German-born Eleonore Lange was one of a small group of artists pursuing modernism in Sydney in the 1930s and 1940s. She is known not only for her sculpture, but also as a teacher and a writer, and for her work promoting progressive art in an environment that was largely conservative.
Lange was born in 1893 in Frankfurt am Main, Germany. She studied art at the city’s Kunstgewerbeschule (School of Applied Arts and Crafts), excelling in sculpture and the ‘science of art’ or aesthetics. After completing her studies, she taught in a number of schools. From 1916 she worked for the Organ des Verbandes der Hilsschulen Deutschlands, a national federation of schools for children with intellectual disability, and in 1922 took a job at the experimental Die Reform-Volksschule in Roderberg. During these years Lange began to develop many of her fundamental ideas about the social, spiritual and therapeutic functions of art and the importance of abstract art. She would return to her teaching experience when later expounding on ideas of art as an autonomous form of human communication, no less meaningful than the more highly regarded linguistically based forms.
Sensitive to the changing political climate, Lange decided to leave Germany in 1930 and immigrated to Australia. Settling in Sydney, she made contact with a number of artists working in a broadly ‘modernist’ manner, becoming close friends with Frank Hinder, Margel Hinder, Grace Crowley, Rah Fizelle, Dorrit Black and fellow German-trained sculptor Gerald Lewers. Her home was an old stable converted into a studio in Raphael Place, off Phillip Street, near Circular Quay. This was then a vibrant part of the city, with many artists living or working in the area.
Lange became involved with the Crowley-Fizelle Studio in George Street when it was established in 1932, and taught there. She exhibited with her friends and peers in shows such as the Exhibition of progressive art and Seventeen modern artists in 1932, and Women artists of Australia in 1934.

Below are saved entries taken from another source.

Lemma brgen_deg P p (Z : nat -> nat -> L) : admissible P p Z -> deg p (brgen p Z).
Proof.
move=> admZ; apply: (brgen_in (deg_subspace p)) => r i.
have dv : deg r (gens r)`_i by apply: gens_deg; exact: mem_nth.
by have := gla_br_deg dv (admZ r i).1; rewrite subnKC // -ltnS.
Qed.

Definition gen_approx m p (y : L) :=
  exists2 Z, admissible (lcs m) p Z & clos m.+2 (y - brgen p Z).

Lemma gen_approx_subspace m p : subspace (gen_approx m p).
Proof.
split.
  exists (fun _ _ => 0).
    by move=> r i; split; [exact: gla_deg0 | exact: (subspace0 (lcs_subspace _))].
  by rewrite brgen0 subr0; exact: (subspace0 (lcs_closure_subspace _)).
move=> c x y [Z admZ cZ] [Z' admZ' cZ']; exists (fun r i => c *: Z r i + Z' r i).
  move=> r i; have [dZ lZ] := admZ r i; have [dZ' lZ'] := admZ' r i.
  by split; [apply: (deg_subspace _).2 | apply: (lcs_subspace _).2].
rewrite brgen_linear opprD addrACA -scalerBr.
by apply: (lcs_closure_subspace _).2.
Qed.

Lemma brgen_single p r (c : nat -> rat) y : (r <= p)%N ->
  brgen p (fun r' i => if r' == r then c i *: y else 0) =
  br (\sum_(i < size (gens r)) c i *: (gens r)`_i) y.
Proof.
rewrite -ltnS => lt_rp; rewrite /brgen (bigD1 (Ordinal lt_rp)) //= eqxx.
rewrite br_suml [X in _ + X]big1 ?addr0 => [|r' ne_r'r].
  by apply: eq_bigr => i _; rewrite brZl brZr.
have ne_r'r_nat : (r' : nat) != r by rewrite -(inj_eq val_inj) in ne_r'r.
by rewrite big1 // => i _; rewrite (negbTE ne_r'r_nat) br0r.
Qed.

Lemma gen_approx_br m p r s x y : (r + s)%N = p -> deg r x -> deg s y -> lcs m.+1 y ->
  gen_approx m.+1 p (br x y).
Proof.
move=> rsp dx dy ly; have [v [c ->] cxv] := gens_span dx.
exists (fun r' i => if r' == r then c i *: y else 0).
  move=> r' i; case: eqP => [->|_].
    rewrite -rsp addKn; split; first exact: subspaceZ (deg_subspace s) _ _ dy.
    exact: subspaceZ (lcs_subspace _) _ _ ly.
  by split; [exact: gla_deg0 | exact: (subspace0 (lcs_subspace _))].
by rewrite brgen_single -?rsp ?leq_addr // -brBl; exact: lcs_closure2_br.
Qed.

Lemma gen_approx_hcomp m p w : lcs m.+2 w -> gen_approx m.+1 p (hcomp p w).
Proof.
rewrite lcsSS => -[n [xs [ys [lys ->]]]]; rewrite (lin_sum (hcomp_linear p)).
apply: subspace_sum => [|i _]; first exact: gen_approx_subspace.
apply: hcomp_br_in => [|r s rsp]; first exact: gen_approx_subspace.
by apply: gen_approx_br rsp (hcomp_deg _ _) (hcomp_deg _ _) _; apply: lcs_hcomp.
Qed.

Lemma gen_approx_at a m p u : deg p u -> clos m.+2 u ->
  exists2 Z, admissible (lcs m.+1) p Z & lcs m.+3 (rho a (u - brgen p Z)).
Proof.
move=> du /lcs_closureP /(_ a) /(lcs_lift (rho_morph a) (@rho_surj a)) [w lw rho_w].
have [Z admZ cZ] := gen_approx_hcomp p lw; exists Z => //.
have rho_u : rho a u = rho a (hcomp p w).
  by rewrite -(morph_hcomp (rho_morph a)) rho_w (morph_hcomp (rho_morph a)) (hcomp_id du).
by rewrite !(linB (rho_linear a)) rho_u -(linB (rho_linear a)); move/lcs_closureP: cZ; apply.
Qed.

(* For each [a] separately, [gen_approx_at] and the induction hypothesis approximate [u] in
   the span of [D]; stabilisation of the kernels makes one approximation work for all [a]. *)
Lemma lcs_closure_layer_gens j q : exists s : seq L,
  {in s, forall y, deg q y} /\ spans_mod s (fun u => deg q u /\ clos j.+1 u) (clos j.+2).
Proof.
elim: j q => [|j IHj] q; first by exists (gens q); split => // u [du _]; exact: gens_span.
have [S /all_and2 [dS spanS]] := functional_choice _ IHj.
pose D := flatten [seq flatten [seq map (br (gens r)`_i) (S (q - r)%N)
                                | i : 'I_(size (gens r)) <- index_enum 'I_(size (gens r))]
                  | r : 'I_q.+1 <- index_enum 'I_q.+1].
exists D; split.
  move=> _ /flattenP [_ /mapP [r _ ->] /flattenP [_ /mapP [i _ ->] /mapP [y Sy ->]]].
  have dv : deg r (gens r)`_i by apply: gens_deg; exact: mem_nth.
  by have := gla_br_deg dv (dS _ _ Sy); rewrite subnKC // -ltnS.
move=> u [du cu].
suff [y Dy ly] : exists2 y, lspan D y & forall a, lcs j.+3 (rho a (u - y)).
  by exists y => //; apply/lcs_closureP.
apply: (directed_subspaces_approx (R := fun a x => lcs j.+3 (rho a x))).
- exact: ce_inhabited.
- by move=> a; apply: subspace_preim (rho_linear a) (lcs_subspace _).
- exact: rho_lcs_directed.
move=> a; have [Z admZ lZ] := gen_approx_at a du cu.
have approxZ r i : exists y, lspan (S (q - r)%N) y /\ clos j.+2 (Z r i - y).
  have [dZ lZr] := admZ r i.
  by have [y sy cy] := spanS (q - r)%N _ (conj dZ (lcs_sub_closure lZr)); exists y.
have [Y YP] := functional_choice _ (fun r => functional_choice _ (approxZ r)).
exists (brgen q Y).
  do 2 apply: lspan_flatten => ?; apply: lspan_linear (YP _ _).1; exact: br_linearr.
have -> : u - brgen q Y = (u - brgen q Z) + brgen q (fun r i => Z r i - Y r i).
  by rewrite brgenB addrA subrK.
rewrite (linD (rho_linear a)); apply: subspaceD (lcs_subspace _) _ _ lZ _.
move: a; apply/lcs_closureP; apply: brgen_in (lcs_closure_subspace _) _ => r i.
exact: (lcs_closure_br _ (YP r i).2).
Qed.

Lemma lcs_closure_quot_gens k q : exists s : seq L,
  {in s, forall y, deg q y} /\ spans_mod s (deg q) (clos k).
Proof.
have trivial_span k' : (k' <= 1)%N -> spans_mod [::] (deg q) (clos k').
  move=> le_k'1 u _; exists 0; first exact: lspan0.
  by apply: lcs_sub_closure; case: k' le_k'1 => [|[]].
elim: k => [|[|k] [s [ds span_s]]]; try by exists [::]; split => //; exact: trivial_span.
have [s' [ds' span_s']] := lcs_closure_layer_gens k q.
exists (s ++ s'); split; first by move=> y; rewrite mem_cat => /orP [/ds|/ds'].
exact: spans_mod_cat (deg_subspace q) ds span_s span_s'.
Qed.

Lemma rho_reflects_lcs p k : exists a, forall x, deg p x -> lcs k (rho a x) -> clos k x.
Proof.
have [s [ds span_s]] := lcs_closure_quot_gens k p.
have [g stable] := directed_subspaces_stable (R := fun a x => lcs k (rho a x))
  ce_inhabited (fun a => subspace_preim (rho_linear a) (lcs_subspace _)) (rho_lcs_directed k) s.
exists g => x dx lx; have [y sy cxy] := span_s x dx.
have ly : lcs k (rho g y).
  rewrite -[y](subKr x) (linB (rho_linear g)); apply: subspaceB (lcs_subspace _) _ _ lx _.
  by move/lcs_closureP: cxy; apply.
apply/lcs_closureP => b; rewrite -(subrK y x) (linD (rho_linear b)).
by apply: subspaceD (lcs_subspace _) _ _ _ (stable b y sy ly); move/lcs_closureP: cxy; apply.
Qed.

Lemma lcs_closure_gen_approx m p u : deg p u -> clos m.+2 u ->
  exists2 Z, admissible (lcs m.+1) p Z & clos m.+3 (u - brgen p Z).
Proof.
move=> du cu; have [a refl_a] := rho_reflects_lcs p m.+3.
have [Z admZ lZ] := gen_approx_at a du cu; exists Z => //; apply: refl_a lZ.
exact: subspaceB (deg_subspace p) _ _ du (brgen_deg admZ).
Qed.

Lemma gen_approx_series k p x : deg p x -> clos k.+2 x ->
  exists Zs : nat -> nat -> nat -> L, forall t,
    (admissible (clos k.+1) p (Zs t) /\ clos (k + t).+2 (x - brgen p (Zs t))) /\
    forall r i, clos (k + t).+1 (Zs t.+1 r i - Zs t r i).
Proof.
move=> dx cx.
apply: (dependent_choice_nat (x0 := fun _ _ => 0)
  (P := fun t Z => admissible (clos k.+1) p Z /\ clos (k + t).+2 (x - brgen p Z))
  (R := fun t Z Z' => forall r i, clos (k + t).+1 (Z' r i - Z r i))).
  split; last by rewrite brgen0 subr0 addn0.
  by move=> r i; split; [exact: gla_deg0 | exact: (subspace0 (lcs_closure_subspace _))].
move=> t Z [admZ cZ].
have du : deg p (x - brgen p Z) by apply: subspaceB (deg_subspace p) _ _ dx (brgen_deg admZ).
have [Z0 admZ0 cZ0] := lcs_closure_gen_approx du cZ.
exists (fun r i => Z r i + Z0 r i); split; [split|].
- move=> r i; have [dZ cZr] := admZ r i; have [dZ0 lZ0] := admZ0 r i; split.
    exact: subspaceD (deg_subspace _) _ _ dZ dZ0.
  apply: subspaceD (lcs_closure_subspace _) _ _ cZr _.
  by apply: lcs_closure_le (lcs_sub_closure lZ0); rewrite ltnS leq_addr.
- by rewrite brgenD opprD addrA addnS.
- by move=> r i; rewrite addrC addKr; apply: lcs_sub_closure; exact: (admZ0 r i).2.
Qed.
(* Let $R$ be an integral domain of characteristic zero, $n,d\ge1$, $F\in R[x]_d$, and $G=x_0^d+\cdots+x_n^d$. Let $s\ge1$, $h\ge(d-1)(n+1)+1$, $v\in B_{ds}$ and $w\in B_h$. For $k\ge1$ and $H\in R[x]_{kds}$ let $[H]_k$ denote the vector $(H_{kv+w-t})_{t\in B_h}$. Then there is a matrix $Q$, with rows and columns indexed by $B_h$ and entries that are polynomials of degree at most $1$ in $R[k,\ell]$, such that for all integers $k_0\ge1$ and $0\le\ell_0<k_0s$, $$d(k_0s-\ell_0)\,[G^{k_0s-\ell_0-1}F^{\ell_0+1}]_{k_0}=Q(k_0,\ell_0)\,[G^{k_0s-\ell_0}F^{\ell_0}]_{k_0},$$ and consequently, for all $k_0\ge1$, in the fraction field of $R$, $$[F^{k_0s}]_{k_0}=\frac{1}{d^{k_0s}(k_0s)!}\,Q(k_0,k_0s-1)\cdots Q(k_0,1)Q(k_0,0)\,[G^{k_0s}]_{k_0}.$$
   Context: $R[x]=R[x_0,\dots,x_n]$; $R[x]_k$ is the submodule of homogeneous polynomials of degree $k$; $B_k=\{u\in\mathbf N^{n+1}:u_0+\cdots+u_n=k\}$; for $H\in R[x]$ and $u\in\mathbf Z^{n+1}$, $H_u$ is the coefficient of $x^u=x_0^{u_0}\cdots x_n^{u_n}$ in $H$, with $H_u=0$ if some $u_i<0$. *)

(* Multivariate polynomials in x_0..x_n are not in the library;
   we represent an element of R[x_0..x_n] by its coefficient function on
   exponent vectors (monomials) u : {ffun 'I_n.+1 -> nat}. *)
From HB Require Import structures.
From mathcomp Require Import all_boot all_order all_algebra fraction.
Set Implicit Arguments. Unset Strict Implicit. Unset Printing Implicit Defensive.
Import Order.TTheory GRing.Theory Num.Theory.
Local Open Scope ring_scope.

Definition mon (n : nat) := {ffun 'I_n.+1 -> nat}.
Definition mdeg n (u : mon n) : nat := (\sum_i u i)%N.
Definition mpoly (R : nzRingType) (n : nat) := mon n -> R.

Definition homog (R : nzRingType) n (H : mpoly R n) (d : nat) : Prop :=
  forall u : mon n, mdeg u <> d -> H u = 0.

Definition mpmul (R : nzRingType) n (P Q : mpoly R n) : mpoly R n :=
  fun u => \sum_(f : {ffun 'I_n.+1 -> 'I_(mdeg u).+1} | [forall i, (f i <= u i)%N])
             P [ffun i => nat_of_ord (f i)] * Q [ffun i => (u i - f i)%N].

Definition mpone (R : nzRingType) n : mpoly R n :=
  fun u => if mdeg u == 0%N then 1 else 0.

Definition mppow (R : nzRingType) n (P : mpoly R n) (k : nat) : mpoly R n :=
  iter k (@mpmul R n P) (@mpone R n).

Definition monX n (i : 'I_n.+1) (e : nat) : mon n :=
  [ffun j => if j == i then e else 0%N].

Definition Gpoly (R : nzRingType) n (d : nat) : mpoly R n :=
  fun u => \sum_(i < n.+1) ((u == monX i d)%:R : R).

Definition Bset (n h : nat) :=
  {f : {ffun 'I_n.+1 -> 'I_h.+1} | (\sum_i nat_of_ord (f i))%N == h}.
Definition monB n h (t : Bset n h) : mon n := [ffun i => nat_of_ord (val t i)].

(* coefficient H_u for u in Z^{n+1}, given as k v + w - t (0 if some entry < 0) *)
Definition coefkvwt (R : nzRingType) n (H : mpoly R n) (k : nat) (v w t : mon n) : R :=
  if [forall i, (t i <= k * v i + w i)%N]
  then H [ffun i => (k * v i + w i - t i)%N] else 0.

Definition bvec (R : nzRingType) n h (H : mpoly R n) (k : nat) (v w : mon n)
  : Bset n h -> R := fun t => coefkvwt H k v w (monB t).

Definition mxv (K : nzRingType) n h (M : Bset n h -> Bset n h -> K) (x : Bset n h -> K)
  : Bset n h -> K := fun t => \sum_(s : Bset n h) M t s * x s.

(* Q(k0,l) with Q = A + k B + l C (entries of degree <= 1 in R[k,l]) *)
Definition Qeval (K : nzRingType) n h (A B C : Bset n h -> Bset n h -> K) (k l : nat)
  : Bset n h -> Bset n h -> K := fun t s => A t s + k%:R * B t s + l%:R * C t s.

Fixpoint chain (K : nzRingType) n h (Q : nat -> Bset n h -> Bset n h -> K)
  (x0 : Bset n h -> K) (j : nat) : Bset n h -> K :=
  match j with
  | 0 => x0
  | j'.+1 => mxv (Q j') (chain Q x0 j')
  end.

Definition toF (R : idomainType) (x : R) : {fraction R} := @FracField.tofrac R x.

From Pilot Require Import Defs.
From HB Require Import structures.
From mathcomp Require Import all_boot all_order all_algebra fraction.
From mathcomp Require Import ring zify.
From mathcomp.multinomials Require mpoly.
Import Order.TTheory GRing.Theory Num.Theory.
Local Open Scope ring_scope.
Set Implicit Arguments. Unset Strict Implicit. Unset Printing Implicit Defensive.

In 1939 she was instrumental in putting together Exhibition 1, a landmark group show of semi-abstract paintings and sculpture. In the catalogue introduction, Lange wrote that the artists ‘use a scene or a posing model only to elaborate its inherent colour sensations into an artistic theme of colour relations. The endeavour to arrange these special values into an ordered whole is the subject of a modern picture’.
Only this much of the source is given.